What you will do
Your task is to copy every line of the entries that contains "mixcompE".

☆ ☆ ☆ ☆

Lemma vertices_del G k v : is_graph G -> k_connected G k -> 1 < k -> v \in vertices G ->
  vertices (del G v) = vertices G `\ v.
Proof.
move=> hG kG k2 vG; apply/fsetP=> w; apply/idP/idP.
  case/mem_vertices=> e; rewrite mem_del => /andP [eG /andP [e1 e2]].
  by rewrite in_fsetD1; case/andP: (ends_vertices eG) => ? ? /orP [] /eqP ->; apply/andP.
rewrite in_fsetD1 => /andP [wv wG].
have vS : [fset v] `<=` vertices G by rewrite fsub1set.
have [y yG yw] : exists2 y, y \in vertices G `\` [fset v] & y != w.
  by apply: exists_other; rewrite cardfsDS // cardfs1; case: kG => Gk _; lia.
have wG' : w \in vertices G `\` [fset v] by rewrite in_fsetD1 wv.
have [||z wz] := k_connected_neighbor kG vS _ wG' yG; rewrite ?cardfs1 1?[w == _]eq_sym //.
rewrite in_fset1 => zv; apply/mem_vertices; exists (mkedge w z).
  by apply: adj_mkedge (is_graph_sub hG (del_sub G v)) _; apply: adj_del.
by rewrite mkedge_ends eqxx.
Qed.

Lemma k_connected_del G k v : is_graph G -> k_connected G k -> 1 < k -> v \in vertices G ->
  k_connected (del G v) k.-1.
Proof.
move=> hG kG k2 vG; have Gv := vertices_del hG kG k2 vG.
case: kG => Gk conn; split=> [|S]; first by rewrite Gv (cardfsD1 v) vG in Gk *; lia.
rewrite Gv => SGv Sk u w; rewrite !in_fsetD !in_fset1 => /and3P [uS uv uG] /and3P [wS wv wG].
have vSG : v |` S `<=` vertices G.
  by rewrite fsubUset fsub1set vG (fsubset_trans SGv) ?fsubsetDl.
have vSk : #|` v |` S| < k by rewrite cardfsU1; lia.
have [||p /andP [pth lastw]] := conn _ vSG vSk u w;
  rewrite ?in_fsetD ?in_fset1U ?negb_or ?uv ?uS ?wv ?wS //.
exists p; rewrite lastw andbT; elim: p u uv pth {uS uG lastw} => //= y p IH x xv.
by rewrite in_fset1U negb_or => /andP [/and3P [xy yv yS] /(IH y yv)]; rewrite adj_del ?yS.
Qed.
(* Let $Q\in R$ and let $a,b,c,d$ be non-negative integers with $a+b\le n$ and $1\le c\le d\le b$. Then there exist elements $h_k\in H_{k-1,k}$ ($a+c\le k\le a+d$) such that $$T_{w_{a,b}}L_{c,d}(Q)=\Big\{L_{a+c,a+d}(Q)+\sum_{k=a+c}^{a+d}L_kh_k\Big\}T_{w_{a,b}}.$$
   Context: Ariki–Koike algebra: $R$ a commutative integral domain with $1$, $n,r\ge1$, $q,Q_1,\dots,Q_r\in R$, $q$ invertible; generators $T_0,\dots,T_{n-1}$, relations $(T_0-Q_1)\cdots(T_0-Q_r)=0$, $T_0T_1T_0T_1=T_1T_0T_1T_0$, $(T_i+q)(T_i-1)=0$ ($1\le i\le n-1$), $T_{i+1}T_iT_{i+1}=T_iT_{i+1}T_i$, $T_iT_j=T_jT_i$ ($0\le i<j-1\le n-2$). $T_w=T_{i_1}\cdots T_{i_k}$ for a reduced expression $w=s_{i_1}\cdots s_{i_k}$, $s_i=(i,i+1)$. $L_m=q^{1-m}T_{m-1}\cdots T_1T_0T_1\cdots T_{m-1}$. Notation: for $i\le j$, $T_{i,j}=T_iT_{i+1}\cdots T_j$, and $T_{i,j}=1$ if $i>j$. $T_{w_{a,b}}=T_{a,a+b-1}T_{a-1,a+b-2}\cdots T_{1,b}$ (and $T_{w_{a,b}}=1$ if $a=0$ or $b=0$); this is $T_w$ for the permutation $w_{a,b}$ sending $i\mapsto b+i$ for $1\le i\le a$ and $a+i\mapsto i$ for $1\le i\le b$, the product of the $s_{i,j}=s_is_{i+1}\cdots s_j$ being reduced. For $Q\in R$, $L_{i,j}(Q)=(L_i-Q)(L_{i+1}-Q)\cdots(L_j-Q)$ if $i\le j$ and $1$ if $i>j$. For $0\le k\le m\le n$, $H_{k,m}$ is the $R$-span of $\{L_1^{c_1}\cdots L_k^{c_k}T_w:0\le c_i<r,\ w\in\mathfrak S_m\}$, where $\mathfrak S_m\subseteq\mathfrak S_n$ is generated by $s_1,\dots,s_{m-1}$. *)

From HB Require Import structures.
From mathcomp Require Import all_boot all_order all_algebra.
Set Implicit Arguments. Unset Strict Implicit. Unset Printing Implicit Defensive.
Import Order.TTheory GRing.Theory Num.Theory.
Local Open Scope ring_scope.

Section AK.
Variables (R : comUnitRingType) (A : algType R).
Implicit Types (T : nat -> A) (q : R).

Definition AK_relations (n r : nat) q (Qs : 'I_r -> R) T : Prop :=
  [/\ \prod_(i < r) (T 0%N - (Qs i)%:A) = 0,
      (1 < n)%N -> T 0%N * T 1%N * T 0%N * T 1%N = T 1%N * T 0%N * T 1%N * T 0%N,
      (forall i, (1 <= i < n)%N -> (T i + q%:A) * (T i - 1) = 0),
      (forall i, (1 <= i)%N -> (i.+1 < n)%N ->
          T i.+1 * T i * T i.+1 = T i * T i.+1 * T i) &
      (forall i j, (i.+1 < j)%N -> (j < n)%N -> T i * T j = T j * T i)].

Definition Tij T (i j : nat) : A := \prod_(i <= k < j.+1) T k.

Definition Twab T (a b : nat) : A :=
  \prod_(0 <= t < a) Tij T (a - t) (a + b - 1 - t).

Definition Lm T q (m : nat) : A :=
  (q ^+ m.-1)^-1 *:
    ((\prod_(k <- rev (iota 1 m.-1)) T k) * T 0%N * \prod_(1 <= k < m) T k).

Definition Lij T q (Q : R) (i j : nat) : A :=
  \prod_(i <= k < j.+1) (Lm T q k - Q%:A).

Definition swapn (i x : nat) : nat :=
  if x == i then i.+1 else if x == i.+1 then i else x.

Definition word_perm (s : seq nat) (x : nat) : nat := foldr swapn x s.
Lemma wf_box N (dj : cser R q) (x : vser R m q) w : proper_ser x -> (size w <= N)%N ->
  wf dj x w = \sum_(al <- box q N) dj al * spow x al w.
Proof.
move=> x0 wN; have spow_small al : (size w < expo_size al)%N -> spow x al w = 0.
  exact: order_ge_spow.
rewrite /wf (eq_bigl (fun bb => expo_size (toexp bb) <= size w)%N); last first.
  by move=> bb; congr (_ <= _)%N; apply: eq_bigr => i _; rewrite ffunE.
rewrite (big_box (size w) (fun al => expo_size al <= size w)%N (fun al => dj al * spow x al w)).
rewrite big_mkcond /=.
rewrite (eq_bigr (fun al => dj al * spow x al w)); last first.
  by move=> al _; case: leqP => // /spow_small ->; rewrite mulr0.
apply: sum_sub_uniq; rewrite ?uniq_box //.
  move=> al; rewrite !mem_box => /forallP alw; apply/forallP => i.
  exact: leq_trans (alw i) wN.
move=> al _ /expo_size_notin_box alw.
by rewrite spow_small ?mulr0.
Qed.

Lemma wf_one (x : vser R m q) : proper_ser x -> wf (@one_cser R q) x = one.
Proof.
move=> x0; apply: functional_extensionality => w.
rewrite (wf_box _ x0 (leqnn _)) (bigD1_seq (expo0 q)) ?uniq_box //=; last first.
  by rewrite mem_box; apply/forallP => i; rewrite ffunE.
rewrite /one_cser eqxx mul1r spow0 big1 ?addr0 // => al /negbTE ->.
by rewrite mul0r.
Qed.

Lemma cauchy_box N (a b : cser R q) al : al \in box q N ->
  cauchy a b al = \sum_(be <- box q N | expo_le be al) a be * b (expo_sub al be).
Proof.
move=> alN; rewrite /cauchy.
rewrite (eq_big (fun bb => expo_le (toexp bb) al)
                (fun bb => a (toexp bb) * b (expo_sub al (toexp bb)))); first last.
- by move=> bb _; congr (_ * b _); apply/ffunP => i; rewrite !ffunE.
- by move=> bb; apply: eq_forallb => i; rewrite ffunE.
rewrite (big_box _ (fun be => expo_le be al) (fun be => a be * b (expo_sub al be))).
rewrite -[LHS]big_filter -[RHS]big_filter.
apply/perm_big/uniq_perm; rewrite ?filter_uniq ?uniq_box //.
move=> be; rewrite !mem_filter; case: (boolP (expo_le be al)) => //= /forallP beal.
move: alN; rewrite !mem_box => /forallP alN.
by apply/idP/idP => _; apply/forallP => i; apply: leq_trans (beal i) _;
  rewrite ?alN ?leq_expo_size.
Qed.

Lemma sum_box_shift N (b : cser R q) (x : vser R m q) be w :
  proper_ser x -> (size w <= N)%N ->
  \sum_(al <- box q N | expo_le be al) b (expo_sub al be) * spow x al w =
  \sum_(c <- box q N) b c * spow x (expo_add be c) w.
Proof.
move=> x0 wN; rewrite -big_filter.
transitivity (\sum_(al <- map (expo_add be) (box q N)) b (expo_sub al be) * spow x al w).
  apply: sum_sub_uniq.
  - exact: filter_uniq (uniq_box _ _).
  - by rewrite map_inj_uniq ?uniq_box //; apply: expo_add_inj.
  - move=> al; rewrite mem_filter => /andP [beal alN]; apply/mapP.
    exists (expo_sub al be); last by rewrite expo_subnKC.
    move: alN; rewrite !mem_box => /forallP alN; apply/forallP => i.
    by rewrite ffunE; apply: leq_trans (leq_subr _ _) (alN i).
  - move=> _ /mapP [c _ ->]; rewrite mem_filter expo_le_addr /= => /expo_size_notin_box Nbc.
    by rewrite (order_ge_spow x0) ?mulr0 //; apply: leq_ltn_trans wN Nbc.
by rewrite big_map; apply: eq_bigr => c _; rewrite expo_addKn.
Qed.

Lemma wf_cauchy (a b : cser R q) (x : vser R m q) : proper_ser x ->
  wf (cauchy a b) x = sh (wf a x) (wf b x).
Proof.
move=> x0; apply: functional_extensionality => w; set N := size w.
have boxN (dj : cser R q) :
    agree N (wf dj x) (fun v => \sum_(al <- box q N) dj al * spow x al v).
  by move=> v vN; rewrite (wf_box _ x0 vN).
transitivity (\sum_(be <- box q N) a be *
    \sum_(al <- box q N | expo_le be al) b (expo_sub al be) * spow x al w).
  rewrite (wf_box _ x0 (leqnn N)) big_seq.
  under eq_bigr => al alN do rewrite (cauchy_box a b alN) mulr_suml big_mkcond /=.
  rewrite -big_seq exchange_big /=; apply: eq_bigr => be _.
  rewrite mulr_sumr [RHS]big_mkcond /=; apply: eq_bigr => al _.
  by case: ifP => _; rewrite ?mulr0 ?mul0r // mulrA.
under eq_bigr => be _ do rewrite (sum_box_shift _ _ x0 (leqnn N)) mulr_sumr.
rewrite (agree_shuffle (boxN a) (boxN b) (leqnn N)) shuffle_sumr exchange_big.
apply: eq_bigr => c _; rewrite shuffleZr shuffleC shuffle_sumr mulr_sumr.
by apply: eq_bigr => be _; rewrite shuffleZr -spowD expo_addC mulrCA.
Qed.

Lemma mix_wf (g : vser R m m) (dj : cser R q) (x : vser R m q) : proper_ser x ->
  mix g (wf dj x) = wf dj (fun i => mix g (x i)).
Proof.
move=> x0; apply: functional_extensionality => w; set N := size w.
have gx0 : proper_ser (fun i => mix g (x i)) by move=> i; rewrite mix_nil.
have boxN : agree N (wf dj x) (fun v => \sum_(al <- box q N) dj al * spow x al v).
  by move=> v vN; rewrite (wf_box _ x0 vN).
rewrite (wf_box _ gx0 (leqnn N)) (agree_mix g boxN (leqnn N)) mix_sum.
by apply: eq_bigr => al _; rewrite mixZ mix_spow.
Qed.

End WienerFliess.

Section Feedback.
Variables (R : realFieldType) (m q : nat) (c : vser R m q) (d : 'I_m -> cser R q).

Lemma feedback_uniq (e1 e2 : vser R m q) :
  (forall j w, e1 j w = mixcomp c (wfcomp d e1) j w) ->
  (forall j w, e2 j w = mixcomp c (wfcomp d e2) j w) ->
  forall j w, e1 j w = e2 j w.
Proof.
move=> e1P e2P; suff agree_n n : forall j, agree n (e1 j) (e2 j).
  by move=> j w; apply: (agree_n (size w)).
elim: n => [|n IH] j v vn.
  by case: v vn => // _; rewrite e1P e2P !mixcompE !mix_nil.
rewrite e1P e2P !mixcompE; apply: (agree_mix_feedback _ _ vn) => k.
by rewrite !wfcompE; apply: agree_wf.
Qed.

Lemma wfcomp_mixcomp_inverse (dinv : 'I_m -> cser R q) (ginv h : vser R m m) :
  proper_ser c ->
  (forall j, is_cauchy_inv (d j) (dinv j)) ->
  (forall j, is_shuffle_inv (wfcomp dinv c j) (ginv j)) ->
  (forall j w, h j w = mixcomp ginv h j w) ->
  wfcomp d (mixcomp c h) = h.
Proof.
move=> c0 dinvP ginvP hP; set e := mixcomp c h.
have e0 : proper_ser e by move=> i; rewrite /e mixcompE mix_nil.
apply: functional_extensionality => j; rewrite wfcompE.
apply: (@shuffle_inv_uniq _ _ (wf (dinv j) e)).
  rewrite -wf_cauchy // (_ : cauchy _ _ = @one_cser R q) ?wf_one //.
  exact: functional_extensionality (dinvP j).
have -> : h j = mix h (ginv j) by apply: functional_extensionality; apply: hP.
have -> : wf (dinv j) e = mix h (wf (dinv j) c) by rewrite mix_wf.
rewrite -mix_shuffle (_ : shuffle _ _ = @one_ser R m) ?mix1 //.
exact: functional_extensionality (ginvP j).
Qed.

End Feedback.

Unset Implicit Arguments.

☆ ☆ ☆ ☆

Answer to the problem
  by case: v vn => // _; rewrite e1P e2P !mixcompE !mix_nil.
rewrite e1P e2P !mixcompE; apply: (agree_mix_feedback _ _ vn) => k.
have e0 : proper_ser e by move=> i; rewrite /e mixcompE mix_nil.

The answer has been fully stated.